[[ Material for this task, beginning ]]

Lemma exponent_gt0 : (0 < n)%N.
Proof. by case: n cardF (finNzRing_gt1 F) => // ->. Qed.

Lemma frobenius_card (x : F) : x ^+ q = x.
Proof. by rewrite -cardF expf_card. Qed.

Lemma pchar2_card : 2%N \in [pchar F].
Proof.
apply/andP; split=> //; have := frobenius_card (-1).
rewrite -(prednK exponent_gt0) expnS exprM sqrrN !expr1n => one_eqN1.
by apply/eqP; rewrite mulr2n {2}one_eqN1 subrr.
Qed.

Lemma tr2_card_eq01 (x : F) : tr2 n x = 0 \/ tr2 n x = 1.
Proof. exact/(tr2_eq01 pchar2_card)/frobenius_card. Qed.

Lemma Tset_cover (a : F) : [\/ a = 0, a \in T0 | a \in T1].
Proof.
case: (eqVneq a 0) => [|a_neq0]; [by constructor 1 | rewrite !inE a_neq0 /=].
by case: (tr2_card_eq01 a^-1) => ->; rewrite eqxx; [constructor 2 | constructor 3].
Qed.

Lemma card_Tset : #|T0| = (2 ^ n.-1).-1 /\ #|T1| = (2 ^ n.-1)%N.
Proof.
set A := fun c : F => [set y : F | tr2 n y == c].
have A1_compl : A 1 = ~: A 0.
  apply/setP => y; rewrite !inE.
  by case: (tr2_card_eq01 y) => ->; rewrite eqxx ?oner_eq0 // eq_sym oner_eq0.
have card_A : #|A 0| = (2 ^ n.-1)%N /\ #|A 1| = (2 ^ n.-1)%N.
  have q_eq : q = (2 * 2 ^ n.-1)%N by rewrite -expnS prednK // exponent_gt0.
  have := cardsC (A 0); rewrite -A1_compl cardF q_eq /A /=.
  have := card_tr2_le (0 : F) exponent_gt0; have := card_tr2_le (1 : F) exponent_gt0.
  by move: #|[set y : F | tr2 n y == 0]| #|[set y : F | tr2 n y == 1]|; lia.
have T0_eq : T0 = GRing.inv @^-1: (A 0 :\ 0).
  by apply/setP => a; rewrite !inE invr_eq0 andbC.
have T1_eq : T1 = GRing.inv @^-1: (A 1 :\ 0).
  by apply/setP => a; rewrite !inE invr_eq0 andbC.
rewrite T0_eq T1_eq !card_preimset; try exact: invr_inj.
move: card_A; rewrite (cardsD1 0 (A 0)) (cardsD1 0 (A 1)) !inE tr2_0 eqxx eq_sym oner_eq0 /=.
by rewrite add1n add0n => -[<- ->].
Qed.

Lemma dickson_card (a : F) :
  a != 0 -> D q a = a /\ D q.-1 a = a ^+ 2 * tr2 n a^-1 ^+ 2.
Proof.
move=> a_neq0; rewrite (dickson_exp2 pchar2_card) frobenius_card.
by rewrite (dickson_exp2_pred pchar2_card) // exprS frobenius_card -expr2.
Qed.

Lemma Tset_tr2 (j : bool) (a : F) : a \in Tset F n j -> a != 0 /\ tr2 n a^-1 = j%:R.
Proof. by rewrite inE => /andP[-> /eqP ->]. Qed.

Lemma dickson_period_Tset0 (a : F) : a \in T0 -> D q.-1 a = 0 /\ D q.-1.+1 a = a.
Proof.
move=> /Tset_tr2[a_neq0 tr_a]; have [Dq Dq_pred] := dickson_card a_neq0.
by rewrite prednK ?expn_gt0 // Dq Dq_pred tr_a expr0n mulr0.
Qed.

Lemma dickson_period_Tset1 (a : F) : a \in T1 -> D q.+1 a = 0 /\ D q.+2 a = a.
Proof.
move=> /Tset_tr2[a_neq0 tr_a]; have [Dq Dq_pred] := dickson_card a_neq0.
have DqS : D q.+1 a = 0.
  rewrite -(prednK (expn_gt0 2 n)) (dicksonSS pchar2_card) prednK ?expn_gt0 //.
  by rewrite Dq Dq_pred tr_a expr1n mulr1 -expr2 (addrr_pchar2 pchar2_card).
by rewrite (dicksonSS pchar2_card) DqS mulr0 add0r.
Qed.

Lemma Tset_notin0 (j : bool) : 0 \notin Tset F n j.
Proof. by rewrite inE eqxx. Qed.

Lemma card_double_half : q = (2 ^ n.-1).*2.
Proof. by rewrite -mul2n -expnS prednK // exponent_gt0. Qed.

Lemma Tset1_bounds :
  [/\ (0 < #|T1|)%N, (2 < q.+1)%N & (q.+1 <= #|T1|.*2.+1)%N].
Proof.
have [_ ->] := card_Tset; have := card_double_half; have := expn_gt0 2 n.-1.
by split; lia.
Qed.

Lemma Tset0_bounds : (2 < q)%N ->
  [/\ (0 < #|T0|)%N, (2 < q.-1)%N & (q.-1 <= #|T0|.*2.+1)%N].
Proof. by have [-> _] := card_Tset; have := card_double_half; split; lia. Qed.

Lemma imset_dickson_Tset1 k : ([set D k b | b in T1] == [set 0]) = (q.+1 %| k)%N.
Proof.
have [T1_gt0 q_gt2 q_le] := Tset1_bounds.
have eq0P := dickson_eq0_onP pchar2_card (Tset_notin0 _) T1_gt0 q_gt2 q_le dickson_period_Tset1 k.
by apply/(imset_eq_set1P _)/idP; [rewrite -card_gt0 | move/eq0P | move/eq0P].
Qed.

Lemma imset_dickson_Tset0 k :
  (2 < q)%N -> ([set D k a | a in T0] == [set 0]) = (q.-1 %| k)%N.
Proof.
case/Tset0_bounds=> T0_gt0 q_gt2 q_le.
have eq0P := dickson_eq0_onP pchar2_card (Tset_notin0 _) T0_gt0 q_gt2 q_le dickson_period_Tset0 k.
by apply/(imset_eq_set1P _)/idP; [rewrite -card_gt0 | move/eq0P | move/eq0P].
Qed.

Lemma dickson_Tset1_eq_sqrP k : {in T1, forall b, D k b = b ^+ 2} <->
  ((k == 2 %[mod q.+1]) || (k + 2 == 0 %[mod q.+1]))%N.
Proof.
have [T1_gt0 q_gt2 q_le] := Tset1_bounds.
exact: (dickson_eq_sqr_onP pchar2_card (Tset_notin0 _) T1_gt0 q_gt2 q_le dickson_period_Tset1).
Qed.

Lemma dickson_Tset0_eq_sqrP k : (2 < q)%N -> {in T0, forall a, D k a = a ^+ 2} <->
  ((k == 2 %[mod q.-1]) || (k + 2 == 0 %[mod q.-1]))%N.
Proof.
case/Tset0_bounds=> T0_gt0 q_gt2 q_le.
exact: (dickson_eq_sqr_onP pchar2_card (Tset_notin0 _) T0_gt0 q_gt2 q_le dickson_period_Tset0).
Qed.

Lemma dickson_expn_Tset0 (a : F) e :
  a \in T0 -> D (q ^ e).-1 a = 0 /\ D (q ^ e).+1 a = a ^+ 2.
Proof.
have qe_gt0 : (0 < q ^ e)%N by rewrite !expn_gt0.
case/dickson_period_Tset0=> Dm DmS; split.
  exact: (dickson_dvdn pchar2_card Dm DmS (dvdn_pred_predX _ _)).
exact: (dickson_eqmod2 pchar2_card Dm DmS (succ_mod_of_dvd_pred qe_gt0 (dvdn_pred_predX _ _))).
Qed.

Lemma dickson_expn_Tset1 (a : F) e : a \in T1 ->
  if odd e then D (q ^ e).-1 a = a ^+ 2 /\ D (q ^ e).+1 a = 0
  else D (q ^ e).-1 a = 0 /\ D (q ^ e).+1 a = a ^+ 2.
Proof.
have qe_gt0 : (0 < q ^ e)%N by rewrite !expn_gt0.
case/dickson_period_Tset1=> Dm DmS; case: ifP => [e_odd|/negbT e_even]; split.
- apply: (dickson_eqmodN2 pchar2_card Dm DmS); first by rewrite ltnS expn_gt0.
  exact: (pred_add2_mod_of_dvd_succ qe_gt0 (dvdn_succ_succ_expn _ e_odd)).
- exact: (dickson_dvdn pchar2_card Dm DmS (dvdn_succ_succ_expn _ e_odd)).
- exact: (dickson_dvdn pchar2_card Dm DmS (dvdn_succ_pred_expn _ e_even)).
- apply: (dickson_eqmod2 pchar2_card Dm DmS).
  exact: (succ_mod_of_dvd_pred qe_gt0 (dvdn_succ_pred_expn _ e_even)).
Qed.
End TraceSets.

Unset Implicit Arguments.
Theorem proposition3p3 (F : finFieldType) (n : nat) (hq : #|F| = (2 ^ n)%N) :
  let q := (2 ^ n)%N in
  let D := fun (k : nat) (a : F) => (Dpoly F k).[a] in
  let T0 := Tset F n false in
  let T1 := Tset F n true in
  (* (i) *)
  (forall k : nat,
     ([set D k b | b in T1] == [set 0]) = (q.+1 %| k)%N) /\
  ((2 < q)%N -> forall k : nat,
     ([set D k a | a in T0] == [set 0]) = (q.-1 %| k)%N) /\
  (* (ii) *)
  (forall k : nat,
     (forall b, b \in T1 -> D k b = b ^+ 2) <->
     ((k == 2 %[mod q.+1]) || (k + 2 == 0 %[mod q.+1]))%N) /\
  ((2 < q)%N -> forall k : nat,
     (forall a, a \in T0 -> D k a = a ^+ 2) <->
     ((k == 2 %[mod q.-1]) || (k + 2 == 0 %[mod q.-1]))%N) /\
  (* (iii) *)
  (forall e : nat, ~~ odd e ->
     forall a : F, D (q ^ e).-1 a = 0 /\ D (q ^ e).+1 a = a ^+ 2) /\
  (forall e : nat, odd e ->
     (forall a : F, a \in T0 \/ a = 0 ->
        D (q ^ e).-1 a = 0 /\ D (q ^ e).+1 a = a ^+ 2) /\
     (forall a : F, a \in T1 ->
        D (q ^ e).-1 a = a ^+ 2 /\ D (q ^ e).+1 a = 0)).
Proof.
move=> q D T0 T1.
split; first exact: imset_dickson_Tset1.
split; first by move=> q_gt2 k; exact: imset_dickson_Tset0.
split; first exact: dickson_Tset1_eq_sqrP.
split; first by move=> q_gt2 k; exact: dickson_Tset0_eq_sqrP.
have D_at0 k : D k 0 = 0 := dickson_at0 (pchar2_card hq) k.
split=> [e e_even a|e e_odd].
  case: (Tset_cover hq a) => [->|aT0|aT1].
  - by rewrite !D_at0 expr0n.
  - exact: dickson_expn_Tset0.
  - by have := dickson_expn_Tset1 hq e aT1; rewrite (negbTE e_even).
split=> [a [aT0|->]|a aT1].
- exact: dickson_expn_Tset0.
- by rewrite !D_at0 expr0n.
- by have := dickson_expn_Tset1 hq e aT1; rewrite e_odd.
Qed.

[[ Material for this task, end ]]

- _Work required_: Only the lines above that include the word "eqxx" belong in the answer; copy each one.

- _Task result_:
by case: (tr2_card_eq01 a^-1) => ->; rewrite eqxx; [constructor 2 | constructor 3].
  by case: (tr2_card_eq01 y) => ->; rewrite eqxx ?oner_eq0 // eq_sym oner_eq0.
move: card_A; rewrite (cardsD1 0 (A 0)) (cardsD1 0 (A 1)) !inE tr2_0 eqxx eq_sym oner_eq0 /=.
Proof. by rewrite inE eqxx. Qed.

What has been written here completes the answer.